Friday, December 11, 2009

Why I love blogging. . .

I just finished doing a piece for NPR's monkey see blog. It's generally on Picador's re-issuance of a whole slew of Tom Wolfe books; specifically on his just re-issued first book, a collection of essays called The Kandy-Kolored Tangerine-Flake Streamline Baby.

If you're interested in reading the piece, here's a link to it on NPR's website.

To write about any book, one has to read it first. And although I've read quite a lot of Tom Wolfe over the years, I'd never read this one, so into it I dove. The first essay, "The Marvelous Mouth" (written for Esquire in 1963) is about Muhammad Ali.  Or, more accurately, it's about Tom Wolfe hanging out with Muhammad Ali and reporting the experience in great detail.

Oh golly, did Wolfe's experiential take on Ali take me back in my own life. And seeing as I was writing for a blog and not for a more formal entity, I could begin my own snippet of a piece this way:
Many years ago, say in 1966, I ate dinner in the same Rice University college dining room as Muhammad Ali and fell in love with the man's mouth, his attitude, his playfulness, and his ability to make us lily-white, well-mannered, certifiably intelligent college kids a wee bit nervous. We were of one culture; he was of another. Or rather, we were of one culture; he was Muhammad Ali -- a culture unto himself.
What fun I had writing that! Because I was blogging, I didn't have to not include a personal experience because of journalistic conventions.  And so it was only while reading Tom Wolfe's essays and writing about them for that I realized why I resonate so with blogging.

Tom Wolfe, and the other New Journalists, bodaciously, flagrantly insert themselves into their stories. Yet once you stop and think about it, reporters are present in all reporting, whether acknowledged or not. A reporter's personal experiences, prejudices, education inform their use of language, their decision to include some facts and exclude others, their selection of detail.

There's no way to avoid this -- to keep reporters out of their pieces -- because all reportage, no matter how objective its format, is limited in scope, because it's limited in time on the air or space on the page. Yet conventional, formal journalism demands that we disguise our presence as thoroughly as possible. And claim it isn't there.

Tom Wolfe, and the rest of the New Journalists, took a truth out of the closet and flaunted it; boldly recognizing that every report of the news has a human being's point of view embedded in it; that the reporter's education, experience, knowledge and, yes, prejudices cannot help but come into play.

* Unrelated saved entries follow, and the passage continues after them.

Lemma row_drift_succ k : (S k < I)%nat -> row_drift (S k) = row_excess (S k) - row_excess k.
Proof.
  intros Hk; unfold row_drift, row_excess.
  set (i := S k).
  rewrite (sumN_ext _ _ (fun j =>
      ((((if (S i <=? j)%nat then x (S i) j else 0) - (if (i <=? j)%nat then x i j else 0))
        + lam * INR d * ((if (j =? i)%nat then row I x i else 0)
                         - (if (i <=? j)%nat then x i j else 0)))
       - (if ((i <=? j) && (0 <? j))%nat then rho_ (j - 1) i j else 0))
      + ((if (i <=? j)%nat then
            (if (0 <? j - 1)%nat then rho_ (j - 2) (i - 1) (j - 1) else 0) else 0)
         + (if (j =? I)%nat then rho_ (I - 1) (i - 1) I else 0))
      + (if (j =? i)%nat then source k - G_ i else 0))).
  - sumN_linear; rewrite !sumN_delta by lia.
    rewrite (rho_out_pred i) by (unfold i; lia).
    replace (i - 1)%nat with k by (unfold i; lia); unfold row, rho_out, source, i.
    destruct k; simpl; ring.
  - intros j Hj; unfold source, i.
    destruct (Nat.lt_total j (S k)) as [Hlt|[->|Hgt]].
    + decide_nat_tests; ring.
    + destruct k; unfold drift; decide_nat_tests; simpl Nat.sub; ring.
    + destruct (Nat.eqb_spec j I) as [->|HjI]; unfold drift; decide_nat_tests; ring.
Qed.

Lemma sum_rho_out : sumN (S I) rho_out = sumN I (fun j => rho_in (S j)).
Proof.
  unfold rho_out, rho_in; rewrite sumN_swap, sumN_shift, sumN_eq0, Rplus_0_l
    by (intros; rewrite Bool.andb_false_r; reflexivity).
  apply sumN_ext; intros j Hj.
  rewrite (sumN_ext _ _ (fun i => if (i <=? S j)%nat then rho_ (S j - 1) i (S j) else 0))
    by (intros; rewrite Bool.andb_true_r; reflexivity).
  rewrite sumN_trunc; f_equal; lia.
Qed.

Hypothesis x_nonneg : nonneg I x.

Lemma col_nonneg j : (j <= I)%nat -> 0 <= col x j.
Proof. intros Hj; apply sumN_nonneg; intros; apply x_nonneg; lia. Qed.

Lemma colsum_nonneg j : (j <= I)%nat -> 0 <= colsum x j.
Proof. intros Hj; apply sumN_nonneg; intros; apply col_nonneg; lia. Qed.

Lemma row_nonneg i : 0 <= row I x i.
Proof.
  apply sumN_nonneg; intros j Hj; destruct (Nat.leb_spec i j); [apply x_nonneg; lia|lra].
Qed.

Lemma Rj_nonneg k : 0 <= R_ k.
Proof. apply Rmult_le_pos; [apply Rmax_l|destruct Req_EM_T; lra]. Qed.

Lemma rho_nonneg k a b : (a <= b <= I)%nat -> 0 <= rho_ k a b.
Proof.
  intros Hab; unfold rho; destruct Req_EM_T as [|Hc]; [lra|].
  pose proof (col_nonneg b ltac:(lia)).
  apply Rmult_le_pos; [apply Rmult_le_pos; [apply Rj_nonneg|apply x_nonneg; lia]|].
  left; apply Rinv_0_lt_compat; lra.
Qed.

Lemma rho_out_nonneg i : 0 <= rho_out i.
Proof.
  apply sumN_nonneg; intros j Hj.
  destruct (Nat.leb_spec i j), (Nat.ltb_spec 0 j); cbn [andb]; try lra.
  apply rho_nonneg; lia.
Qed.

(* the fractions x_{a,b} / x_{.,b} sum to one over column b *)
Lemma rho_in_le j : (j < I)%nat -> rho_in (S j) <= R_ j * (1 - colsum_vanishes x (S j)).
Proof.
  intros Hj; unfold rho_in, colsum_vanishes, rho; replace (S j - 1)%nat with j by lia.
  pose proof (Rj_nonneg j); pose proof (colsum_nonneg j ltac:(lia)).
  destruct (Req_EM_T (col x (S j)) 0) as [Hc|Hc].
  - rewrite sumN_eq0 by reflexivity; destruct Req_EM_T; lra.
  - pose proof (col_nonneg (S j) ltac:(lia)).
    change (colsum x (S j)) with (colsum x j + col x (S j)).
    destruct Req_EM_T; [lra|].
    rewrite (sumN_ext _ _ (fun i => R_ j / col x (S j) * x i (S j)))
      by (intros; unfold Rdiv; ring).
    rewrite sumN_scal; fold (col x (S j)); field_simplify; lra.
Qed.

Blogging is New Journalism unchained. It's relaxed, it's personal, it's driven by personal voice; it's honest about being only as honest as the person writing it.

Plus, it's fun,

And so, for this reporter, blogging is the bomb!

1 comment:

  1. Isn't this interesting! Having been an English major at NYU when Jacques Derrida taught there and was still all the rage (what is he now? I'm not sure, other than dead), along with Stanley Fish, it has always cracked me up a bit the way journalists take themselves so seriously, and the way Americans almost religiously buy into the myth of impersonal or a-personal reporting. I was more or less trained to treat such concepts as "truth," "objectivity," or "neutrality" as conventional constructs without stable or intrinsic meaning. So whenever people invoke this notion of the pristine, unbiased journalist to support an argument (e.g., the validity of a news item or freedom of the press), I feel my internal eyebrow cock slightly. Anyone who purports to tell a story "straight" is -- if not suspicious -- at least no more above scrutiny than the person who offers an opinion.

    On the other hand, it was Derrida (I think) who argued the fallacy of "auctorial" intention, saying that we could never infer anything about a writer from his work, and that we shouldn't attempt to do so. Words -- once they left a person's mouth -- are no longer owned.

    All this is to say what? I'm not sure except that I'm always more comfortable and ready to be persuaded by information conveyed to me when the teller admits, and includes, the fact of her agency in in the equation (which, incidentally, I think good journalists do in a whole variety of ways).

    This post makes me think of your last one on the Mara Liasson flappette -- a number of people thought it bad that her and Williams should appear on Fox, and then a number of people thought it bad that NPR should think so, too. Both arguments (against the reporters and against NPR) seem motivated by concerns for journalistic integrity, and they are both, also, concerned with "appearance." So I wonder, what does it mean to be fair or impartial? Is it just a matter of convention?